I’ve just released version 0.5 of Cowgol, my new Ada-inspired programming language. It’s not just for the 6502 on the 6502, it’s for the Z80 on the Z80 as well! And, if you’re masochistic, for the 6502 on the Z80 and for the Z80 on the 6502 too (I build all the cross compilers).

Main Cowgol page

See the main Cowgol page for more information.

The big new feature is Z80 code generation. Oh, boy. I actually thought this would be easier than 6502 code generation; I was so wrong. (See this blog post where I talk about why, but I found so many other bizarre things.) But I did manage to beat it into workingness, although it needs a massive optimisation pass to make the generated code anything other than shamefully embarrassing, and I’m proud to say that the entire compiler will run on CP/M and generate CP/M binaries. Although it’s not self-hosting (the binaries are just too big).

The Cowgol distribution contains a CP/M emulator which will let you try it from the comfort and convenience of your own PC!

Code generation and the Z80

In essence, the Z80 is so asymmetric that trying to generate good code is beyond Cowgol’s puny little code generator. For example, let’s do a simple 16-bit assignment:

• Is a 16-bit register free? If so, I can just load a into one and write it out again. But remember that HL is the cheapest, BC/DE are a byte longer, and IX/IY the another byte longer than that. So I want to use HL, but that’ll evict something else.

• No 16-bit registers? I can do it with A instead, reading and writing a byte at a time, with ld a, (a+0); ld (b+0), a; ld a, (a+1); ld (b+1), a. Of course, it’s twice as many bytes as the 16-bit version. And you have to use A, it’s the only option (the other eight-bit registers can’t be directly read from or written to memory).

• Wait, I want a pointer instead? Pointers to 16-bit values have to be dereferenced as 8-bit pairs, so ld hl, (a); ld d, (hl); inc hl; ld e, (hl). Using a register other than HL is slower. Using an index register lets us do ld ix, (a); ld e, (ix+0); ld d, (ix+1), which doesn’t corrupt our pointer register, but is even slower than that.

• Want to dereference the pointer into and index register? You can’t. (Without using undocumented instructions.) You have to dereference it into an ordinary register pair and then do hacks to get it into the index register, the cheapest of which is push hl; pop ix.

• Want to do arithmetic as well? 8-bit arithmetic has to happen through A. 16-bit arithmetic (limited to addition and subtraction) has to happen through HL. Except increments and decrements, which can be done to anything. Want to do non-addition or subtraction arithmetic on 16-bit values? Do it a byte at a time in A: ld a, e; or c; ld e, a; ld a, d; or b; ld d, a.

So the answer to the simple question what register do I use for this is it’s complicated.
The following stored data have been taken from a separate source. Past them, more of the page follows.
(* Let $[S,T]$ be a Tamari interval of binary trees with $n$ nodes, and define $u_i$ as the number of nodes in the right subtree of node $i$ in $S$ ($i\in[n]$) and $v_j$ as the number of nodes in the left subtree of node $j$ in $T$ ($j\in[n]$). Then the following are equivalent: (a) for every $i\in[n-1]$, $u_i\neq 0$ or $v_{i+1}\neq 0$; (b) $S$ and $T$ have the same canopy.
   Context: Nodes of a binary tree with $n$ nodes are labeled $1,\dots,n$ in in-order. A right rotation replaces a subtree $((A,x,B),y,C)$ by $(A,x,(B,y,C))$; $S\leq_{\mathrm t}T$ (Tamari order) iff $T$ is obtained from $S$ by a sequence of right rotations, and a Tamari interval is a pair $[S,T]$ with $S\leq_{\mathrm t}T$. For each $i\in[n-1]$, exactly one of the following holds in a binary tree: node $i$ has empty right subtree, or node $i+1$ has empty left subtree; the canopy of the tree is the word $w\in\{R,L\}^{n-1}$ with $w_i=R$ in the first case and $w_i=L$ in the second. The pair $(u,v)$ in the claim is exactly the Tamari interval diagram associated with $[S,T]$ (via the Châtel–Pons interval-poset bijection), and condition (a) is the definition of a synchronized Tamari interval diagram; $[S,T]$ is called synchronized when (b) holds. *)

From mathcomp Require Import all_boot.
Set Implicit Arguments. Unset Strict Implicit. Unset Printing Implicit Defensive.

(* Binary trees (unlabeled); nodes are labeled 1..n in in-order. *)
Inductive btree : Type := Leaf | Node of btree & btree.

Fixpoint bt_size (t : btree) : nat :=
  match t with Leaf => 0 | Node l r => (bt_size l + bt_size r).+1 end.

(* In-order list of the nodes, each recorded as
   (number of nodes of its left subtree, number of nodes of its right subtree).
   Entry k (0-indexed) corresponds to node k+1. *)
Fixpoint inorder_sizes (t : btree) : seq (nat * nat) :=
  match t with
  | Leaf => [::]
  | Node l r => inorder_sizes l ++ (bt_size l, bt_size r) :: inorder_sizes r
  end.

Definition left_size (t : btree) (i : nat) : nat := (nth (0, 0) (inorder_sizes t) i.-1).1.
Definition right_size (t : btree) (i : nat) : nat := (nth (0, 0) (inorder_sizes t) i.-1).2.

Inductive right_rot : btree -> btree -> Prop :=
  | rot_root A B C : right_rot (Node (Node A B) C) (Node A (Node B C))
  | rot_left l l' r : right_rot l l' -> right_rot (Node l r) (Node l' r)
  | rot_right l r r' : right_rot r r' -> right_rot (Node l r) (Node l r').

Inductive tamari_le : btree -> btree -> Prop :=
  | tamari_refl t : tamari_le t t
  | tamari_step s t u : right_rot s t -> tamari_le t u -> tamari_le s u.

Inductive RL := R | L.

Definition canopy (t : btree) : seq RL :=
  [seq (if right_size t i == 0 then R else L) | i <- iota 1 (bt_size t).-1].

From mathcomp Require Import all_boot zify.

(* The canopy letter of node i is R iff node i has an empty right subtree, and
   (in any tree) that happens iff node i+1 has a nonempty left subtree.  So
   condition (a) says: if node i of S has an empty right subtree, so does node i
   of T.  A right rotation only enlarges right subtrees (the rotated node gains
   one, every other node keeps its subtree sizes), so the right subtree of node
   i in S is never larger than in T, which gives the converse implication; (a)
   is therefore exactly the equality of the two canopies. *)

Set Implicit Arguments.
Unset Strict Implicit.
Unset Printing Implicit Defensive.

Lemma size_inorder_sizes t : size (inorder_sizes t) = bt_size t.
Proof. by elim: t => //= l IHl r IHr; rewrite size_cat /= IHl IHr addnS. Qed.

Lemma nth_inorder_sizes_Node l r k :
  nth (0, 0) (inorder_sizes (Node l r)) k =
  if k < bt_size l then nth (0, 0) (inorder_sizes l) k
  else if k == bt_size l then (bt_size l, bt_size r)
  else nth (0, 0) (inorder_sizes r) (k - (bt_size l).+1).
Proof.
rewrite /= nth_cat size_inorder_sizes.
by case: ltngtP => [//|lt_lk|->]; rewrite ?subnn // -(subnSK lt_lk).
Qed.

Lemma left_size_Node l r i :
  left_size (Node l r) i.+1 =
  if i < bt_size l then left_size l i.+1
  else if i == bt_size l then bt_size l else left_size r (i - bt_size l).
Proof.
by rewrite /left_size /= nth_inorder_sizes_Node subnS; case: ifP => //; case: ifP.
Qed.

Lemma right_size_Node l r i :
  right_size (Node l r) i.+1 =
  if i < bt_size l then right_size l i.+1
  else if i == bt_size l then bt_size r else right_size r (i - bt_size l).
Proof.
by rewrite /right_size /= nth_inorder_sizes_Node subnS; case: ifP => //; case: ifP.
Qed.

Lemma left_size_first t : left_size t 1 = 0.
Proof. by elim: t => //= l IHl r _; rewrite left_size_Node; case: posnP => [->|]. Qed.

Lemma right_size_last t : right_size t (bt_size t) = 0.
Proof.
elim: t => //= l _ r IHr; rewrite right_size_Node ltnNge leq_addr addKn /=.
by case: ifP => // /eqP; rewrite -{2}[bt_size l]addn0 => /addnI.
Qed.

Lemma right_size_eq0 t i :
  0 < i < bt_size t -> (right_size t i == 0) = (left_size t i.+1 != 0).
Proof.
case: i => // i /= lt_it; elim: t i lt_it => //= l IHl r IHr i lt_it.
rewrite right_size_Node left_size_Node.
case: (ltngtP i.+1 (bt_size l)) => [lt_il | lt_li | eq_il].
- exact: IHl.
- case: (eqVneq i (bt_size l)) => [eq_il | ne_il].
    rewrite eq_il subSnn left_size_first /=; apply/eqP; lia.
  have -> : i - bt_size l = (i - (bt_size l).+1).+1 by lia.
  have -> : i.+1 - bt_size l = (i - (bt_size l).+1).+2 by lia.
  by rewrite IHr //; lia.
- by rewrite eq_il right_size_last -eq_il.
Qed.

Lemma right_rot_size s t : right_rot s t -> bt_size s = bt_size t.
Proof. by elim=> /= *; lia. Qed.

Lemma tamari_le_size s t : tamari_le s t -> bt_size s = bt_size t.
Proof. by elim=> // s' t' u /right_rot_size ->. Qed.

Lemma right_rot_right_size s t :
  right_rot s t -> forall i, right_size s i <= right_size t i.
Proof.
rewrite /right_size => st i; elim: st i.-1 => [A B C | l l' r st IH | l r r' st IH] k.
- rewrite !nth_inorder_sizes_Node /= -subnDA addSn addnS.
  by do ![case: ifP => ? /=]; lia.
- rewrite !nth_inorder_sizes_Node (right_rot_size st).
  by case: ifP => _; [exact: IH | case: ifP].
- rewrite !nth_inorder_sizes_Node (right_rot_size st).
  by case: ifP => // _; case: ifP => // _; exact: IH.
Qed.

Lemma tamari_le_right_size s t :
  tamari_le s t -> forall i, right_size s i <= right_size t i.
Proof.
elim=> // s' t' u /right_rot_right_size le_st' _ le_t'u i.
exact: leq_trans (le_t'u i).
Qed.

Lemma canopy_eq s t :
  bt_size s = bt_size t ->
  canopy s = canopy t <->
  forall i, 0 < i < bt_size s -> (right_size s i == 0) = (right_size t i == 0).
Proof.
move=> eq_st; rewrite /canopy -eq_st -eq_in_map; split=> eq_rs i.
- move=> range_i; have /eq_rs : i \in iota 1 (bt_size s).-1 by rewrite mem_iota; lia.
  by case: eqP; case: eqP.
- by rewrite mem_iota => range_i; rewrite eq_rs //; lia.
Qed.

Theorem proposition2p5 (n : nat) (S T : btree) :
  bt_size S = n -> bt_size T = n -> tamari_le S T ->
  ((forall i, 1 <= i <= n - 1 ->
      right_size S i != 0 \/ left_size T i.+1 != 0)
   <-> canopy S = canopy T).
Proof.
move=> <- size_T le_ST; rewrite canopy_eq ?size_T //.
have cond_iff_same_letter i : 0 < i < bt_size S ->
    right_size S i != 0 \/ left_size T i.+1 != 0 <->
    (right_size S i == 0) = (right_size T i == 0).
  move=> range_i; rewrite -right_size_eq0 ?size_T //.
  move: (tamari_le_right_size le_ST i).
  case: (right_size S i) => [|a]; case: (right_size T i) => [|b];
    split=> //; by [right | case | left].
split=> cond i range_i.
- by apply: (cond_iff_same_letter i range_i).1; apply: cond; lia.
- by apply: (cond_iff_same_letter i _).2; [lia | apply: cond; lia].
Qed.
(* Let $k\ge3$, let $G=(V,E)$ be a $k$-uniform hypergraph with connected components $V_1,\dots,V_s$ ($s\ge1$), and let $\mathbf x\in\mathbb C^n$ be an eigenvector of the Laplacian tensor $\mathcal D-\mathcal A$ (respectively, of the signless Laplacian tensor $\mathcal D+\mathcal A$) corresponding to the eigenvalue $0$. Then for every $i\in[s]$ with $\mathbf x(V_i)\neq0$: (a) $\mathbf x(V_i)$ is an eigenvector of the sub-tensor $(\mathcal D-\mathcal A)(V_i)$ (respectively $(\mathcal D+\mathcal A)(V_i)$) corresponding to the eigenvalue $0$; (b) $\mathrm{sup}(\mathbf x(V_i))=V_i$; and (c) there exist $\gamma_i\in\mathbb C\setminus\{0\}$ and nonnegative integers $\alpha_j$ ($j\in V_i$) such that $x_j=\gamma_i\exp\!\big(\tfrac{2\alpha_j\pi}{k}\sqrt{-1}\big)$ for all $j\in V_i$.
   Context: A $k$-uniform hypergraph $G=(V,E)$ has vertex set $V=[n]$ ($n\ge k$) and a nonempty edge set $E$ of $k$-element subsets of $V$; $E_i=\{e\in E:i\in e\}$, $d_i=|E_i|$. Two distinct vertices are connected if there is a sequence of edges $e_1,\dots,e_m$ with $i\in e_1$, $j\in e_m$, $e_r\cap e_{r+1}\ne\emptyset$. A connected component is a maximal set of pairwise connected vertices; an isolated vertex (degree $0$, a singleton) is also a connected component, so the components partition $V$. The adjacency tensor $\mathcal A$ has $a_{i_1\dots i_k}=\frac1{(k-1)!}$ if $\{i_1,\dots,i_k\}\in E$, else $0$; $\mathcal D$ is diagonal with $d_{i\dots i}=d_i$. Thus $((\mathcal D\pm\mathcal A)\mathbf x^{k-1})_i=d_ix_i^{k-1}\pm\sum_{e\in E_i}\prod_{j\in e\setminus\{i\}}x_j$. $\lambda$ is an eigenvalue of a tensor $\mathcal T$ with eigenvector $\mathbf x\in\mathbb C^n\setminus\{0\}$ if $(\mathcal T\mathbf x^{k-1})_i=\lambda x_i^{k-1}$ for all $i$. For $S=\{j_1,\dots,j_m\}\subseteq[n]$, the sub-tensor $\mathcal T(S)$ is the order-$k$ dimension-$m$ tensor with entries $t_{j_{i_1}\dots j_{i_k}}$, and $\mathbf x(S)$ is the subvector $(x_j)_{j\in S}$. $\mathrm{sup}(\mathbf x)=\{i: x_i\ne0\}$. *)

(* Complex field: an arbitrary numClosedFieldType C. *)
From HB Require Import structures.
From mathcomp Require Import all_boot all_order all_algebra.
Set Implicit Arguments. Unset Strict Implicit. Unset Printing Implicit Defensive.
Import Order.TTheory GRing.Theory Num.Theory.
Local Open Scope ring_scope.
(* Fix an integer $d>2$. Suppose $\Gamma$ is a star whose central vertex is $\alpha_0$ and whose other vertices $\alpha_1,\dots,\alpha_n$ are listed according to the cyclic ordering of the corresponding edges at $\alpha_0$; set $\alpha_{n+1}=\alpha_1$. Then the Brauer graph algebra associated to $(\Gamma,\mathfrak o,\mathfrak m,\mathfrak q)$ (any $\mathfrak q$) is $2$-$d$-homogeneous if and only if $n$ divides $d$, $\mathfrak m(\alpha_0)=\frac dn$, and for every $1\le i\le n$ we have $\mathfrak m(\alpha_i)\in\{1,d\}$ and $\mathfrak m(\alpha_i)\mathfrak m(\alpha_{i+1})\in\{d,d^2\}$.
   Context: Let $K$ be a field. A Brauer graph $(\Gamma,\mathfrak o,\mathfrak m)$ consists of a finite connected graph $\Gamma$ with at least one edge (loops and multiple edges allowed), a multiplicity function $\mathfrak m:\Gamma_0\to\mathbb Z_{>0}$ on the vertex set $\Gamma_0$, and, for each vertex $\alpha$, a cyclic ordering $\mathfrak o$ of the edges incident with $\alpha$ (a loop at $\alpha$ occurs twice in this cyclic ordering, the two occurrences being treated as distinct). The valency $\mathrm{val}(\alpha)$ is the number of edges incident with $\alpha$, loops counted twice. An edge $t$ is the successor of $s$ at $\alpha$ if $t$ directly follows $s$ in the cyclic ordering at $\alpha$ (if $\mathrm{val}(\alpha)=1$ the unique edge is its own successor). An edge $s$ is truncated at $\alpha$ if $\mathrm{val}(\alpha)=1$, $\mathfrak m(\alpha)=1$ and $s$ is the edge at $\alpha$; $s$ is a truncated edge if it is truncated at one of its endpoints. The successor sequence of $s$ at $\alpha$ is $s=s_0,s_1,\dots,s_{\mathrm{val}(\alpha)-1}$ with $s_{i+1}$ the successor of $s_i$ at $\alpha$. A quantizing function $\mathfrak q$ assigns $\mathfrak q_{s,\alpha}\in K\setminus\{0\}$ to each pair $(s,\alpha)$ with $s$ incident with $\alpha$ and $s$ not truncated at either endpoint; $(\Gamma,\mathfrak o,\mathfrak m,\mathfrak q)$ is a quantized Brauer graph. The Brauer graph algebra $A_\Gamma=KQ_\Gamma/I_\Gamma$ (paths written left to right) is: if $\Gamma=\mathbb A_2$ with both multiplicities $1$, $A_\Gamma=K[x]/(x^2)$. Otherwise $Q_\Gamma$ has a vertex $v_s$ for each edge $s$, and for each vertex $\alpha$ and each occurrence of $t$ as the successor of $s$ at $\alpha$ with $s$ not truncated at $\alpha$, an arrow $v_s\to v_t$. For $s$ at $\alpha$ not truncated at $\alpha$, with successor sequence $s_0,\dots,s_{v-1}$, $v=\mathrm{val}(\alpha)$, $s_v=s_0$, let $C_{s,\alpha}=a_0a_1\cdots a_{v-1}$, where $a_r$ is the arrow for $s_{r+1}$ succeeding $s_r$ at $\alpha$. $I_\Gamma$ is generated by: type one: for each edge $s$ with endpoints $\alpha,\beta$ not truncated at either, $\mathfrak q_{s,\alpha}C_{s,\alpha}^{\mathfrak m(\alpha)}-\mathfrak q_{s,\beta}C_{s,\beta}^{\mathfrak m(\beta)}$; type two: for each edge $s$ truncated at $\alpha$ with other endpoint $\beta$, writing $C_{s,\beta}=b_0b_1\cdots b_{\mathrm{val}(\beta)-1}$, the path $C_{s,\beta}^{\mathfrak m(\beta)}b_0$; type three: each path $ab$ of length $2$ in $Q_\Gamma$ that is not a subpath of any $C_{t,\gamma}$. A star is a tree with a central vertex joined by $n\ge1$ edges to $n$ vertices of valency $1$. For distinct integers $d,d'\ge2$, $KQ/I$ is $d$-$d'$-homogeneous if $I$ has a minimal generating set consisting of length-homogeneous elements each of length $d$ or $d'$, and the algebra is neither $d$-homogeneous nor $d'$-homogeneous (i.e. not generated by elements of a single one of these lengths). *)

From HB Require Import structures.
From mathcomp Require Import all_boot all_order all_algebra.
Set Implicit Arguments. Unset Strict Implicit. Unset Printing Implicit Defensive.
Import GRing.Theory.
Local Open Scope ring_scope.

(* Path algebras KQ of finite quivers, elements as finitely supported  *)
(* coefficient functions on paths; paths written left to right.       *)

Record quiver := Quiver {
  qV : eqType;
  qA : eqType;                 (* candidate arrows *)
  qsrc : qA -> qV;
  qtgt : qA -> qV;
  qarrow : qA -> bool          (* which candidates really are arrows of Q *)
}.

Definition qpath (Q : quiver) := (qV Q * seq (qA Q))%type.

Definition plen (Q : quiver) (p : qpath Q) : nat := size p.2.

Definition ptgt (Q : quiver) (p : qpath Q) : qV Q := last p.1 (map (@qtgt Q) p.2).

Fixpoint composable (Q : quiver) (v : qV Q) (s : seq (qA Q)) : bool :=
  match s with
  | [::] => true
  | a :: s' => (qsrc a == v) && qarrow a && composable (qtgt a) s'
  end.

Definition pvalid (Q : quiver) (p : qpath Q) : bool := composable p.1 p.2.

Definition kq_elem (K : fieldType) (Q : quiver) (f : qpath Q -> K) : Prop :=
  (exists supp : seq (qpath Q), forall p, f p != 0 -> p \in supp) /\
  (forall p, f p != 0 -> pvalid p).
Lemma min_wt_attained B :
  B != 0 -> exists2 z, (z <= B)%MS /\ z != 0 & wt z = min_wt B.
Proof.
case/rowV0Pn => x xB x0.
have x_nz : (x <= B)%MS && (x != 0) by rewrite xB.
have [z /andP [zB z0] zmin] :=
  @arg_minnP _ x (fun y => (y <= B)%MS && (y != 0)) (@wt n) x_nz.
exists z => //; apply/eqP; rewrite eqn_leq min_wt_le // andbT /min_wt.
apply: (big_ind (fun m => wt z <= m)%N) => [|a b za zb|y /zmin //].
  by rewrite /wt (leq_trans (max_card _)) ?card_ord.
by rewrite leq_min za.
Qed.

Lemma SuppS A B : (A <= B)%MS -> Supp A \subset Supp B.
Proof.
move=> AB; apply/subsetP => i; rewrite !inE => /existsP [x /andP [xA xi]].
by apply/existsP; exists x; rewrite (submx_trans xA AB).
Qed.

Lemma Supp0 : Supp (0 : 'M['F_2]_n) = set0.
Proof.
apply/setP => i; rewrite !inE; apply/negbTE; rewrite negb_exists.
by apply/forallP => x; rewrite submx0 negb_and negbK; case: eqP => // ->; rewrite mxE eqxx.
Qed.

Lemma mxrank_dual A : \rank (dual A) = (n - \rank A)%N.
Proof. by rewrite mxrank_ker mxrank_tr. Qed.

Lemma dualS A B : (A <= B)%MS -> (dual B <= dual A)%MS.
Proof. by case/submxP => M ->; apply/sub_kermxP; rewrite trmx_mul mulmxA mulmx_ker mul0mx. Qed.

Lemma dualK A : (dual (dual A) :=: A)%MS.
Proof.
have A_dualK : (A <= dual (dual A))%MS.
  by apply/sub_kermxP; rewrite -[A]trmxK -trmx_mul trmxK mulmx_ker trmx0.
apply/eqmxP; rewrite A_dualK andbT -(mxrank_leqif_sup A_dualK).
by rewrite !mxrank_dual subKn ?rank_leq_col.
Qed.

Lemma Supp_full D :
  (forall i, ~~ ((delta_mx 0 i : 'rV_n) <= dual D)%MS) -> Supp D = setT.
Proof.
move=> no_unit; apply/setP => i; rewrite inE in_setT; apply: contraT.
rewrite negb_exists => /forallP Di; case/negP: (no_unit i).
rewrite sub_kermx -rowE -tr_col; apply/eqP/matrixP => ? r; rewrite !mxE.
by have := Di (row r D); rewrite row_sub mxE /= negbK => /eqP.
Qed.

End Codes.

Lemma mxrank_le_support (F : fieldType) m n (A : 'M[F]_(m, n)) (S : {set 'I_n}) :
  (forall i j, j \notin S -> A i j = 0) -> (\rank A <= #|S|)%N.
Proof.
move=> A0; rewrite -mxrank_tr.
have AS : (A^T <= \sum_(j in S) <<row j A^T>>)%MS.
  apply/row_subP => j; have [jS|jS] := boolP (j \in S).
    by apply: (sumsmx_sup j); rewrite ?genmxE.
  suff -> : row j A^T = 0 by rewrite sub0mx.
  by apply/rowP => i; rewrite !mxE A0.
apply: leq_trans (mxrankS AS) _; apply: leq_trans (mxrank_sum_leqif _) _.
by rewrite -sum1_card; apply: leq_sum => j _; rewrite /= genmxE rank_leq_row.
Qed.
Lemma in_Zqqinv_g_div_eval n : in_Zqqinv (g_div n).[x].
Proof.
rewrite -(odd_double_half n) -mul2n; case: (odd n); rewrite ?add0n ?add1n.
  rewrite g_div_odd_eval; apply: in_ZqqinvM; [exact: in_Zqqinv_qplus_prod | exact: in_Zqqinv_qbinz2].
case: n./2 => [|k]; first by rewrite muln0 g_div0 hornerC; exact: in_Zqqinv1.
rewrite g_div_even_eval; apply: in_ZqqinvM; first exact: in_Zqqinv_qplus_prod.
by apply: in_ZqqinvD; exact: in_Zqqinv_qbinz2.
Qed.

Lemma in_Zqqinv_g_div_comb_eval (c : nat -> F) (d : nat -> nat) M :
  (forall a, (a < M)%N -> in_Zqqinv (c a)) ->
  in_Zqqinv (\sum_(0 <= a < M) c a *: g_div (d a)).[x].
Proof.
move=> cZ; rewrite horner_sum big_nat_cond; apply: in_Zqqinv_sum => a /andP[/andP[_ lt_aM] _].
by rewrite hornerZ; apply: in_ZqqinvM; [exact: cZ | exact: in_Zqqinv_g_div_eval].
Qed.

End GEval.

Lemma in_Zqqinv_qbin2 M a : (a <= M)%N -> in_Zqqinv (qbin2 M a).
Proof. by move=> le_aM; rewrite qbin2_qbinz2 //; exact: in_Zqqinv_qbinz2. Qed.

Lemma in_Zqqinv_p_div_eval n (l : int) : in_Zqqinv (p_div n).[qint (2 * l)].
Proof.
have coefZ (e : int) M a : (a < M.+1)%N -> in_Zqqinv (q ^ e * qbin2 (M.+1 - 1) a).
  by move=> lt_aM; rewrite subn1; apply: in_ZqqinvM; [exact: in_Zqqinv_qz | exact: in_Zqqinv_qbin2].
rewrite -[n]odd_double_half -mul2n; case: (odd n); rewrite ?add0n ?add1n.
  have [_ ->] := p_div_expansions n./2.
  by apply: in_Zqqinv_g_div_comb_eval => a; exact: coefZ.
case: n./2 => [|M]; first by rewrite muln0 /p_div qfact0 invr1 scale1r hornerC; exact: in_Zqqinv1.
have [-> _] := p_div_expansions M.
by apply: in_Zqqinv_g_div_comb_eval => a; exact: coefZ.
Qed.

End Field.
End QCalculus.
The 6502 was very limited in what it could do, but at least that meant that there was always one clear best approach.

Everyone needs a laugh, so here’s the print() routine in Cowgol:

sub print(ptr: [int8])
loop
var c: int8 := ptr[0];
if c == 0 then
return;
end if;
print_char(c);
ptr := ptr + 1;
end loop;
end sub;


And here is the code, annotated by me (this was actually compiled on an emulated CP/M system):

X010f:  ld      hl,(X0173) --- get ptr
ld      a,(hl)     --- dereference
ld      (X0175),a  --- assign to c
cp      0          --- test
jr      nz,X011b
ret                --- return if end of string
X011b:  ld      a,(X0175)  --- reload c
ld      (X0176),a  --- assign to print_char()'s parameter
call    X0103      --- call print_char()
ld      hl,(X0173) --- \
ld      bc,X0001   --- |
ld      a,l        --- | all this
add     a,c        --- | is just
ld      e,a        --- | adding one
ld      a,h        --- | to ptr
adc     a,b        --- |
ld      d,a        --- |
ld      (X0173),de --- /
jr      X010f
ret


So, yeah, that addition is horrifying — but fixing that is a simple microoptimisation which is next on my list of things to do. The rest of the code isn’t that bad. Just like on the 6502, a peephole optimiser would do wonders. Still, baby steps.

(Note that the code generator doesn’t remember the value of registers between basic blocks. That requires global register analysis and that’s really hard and memory intensive, so it’s much easier not to bother.)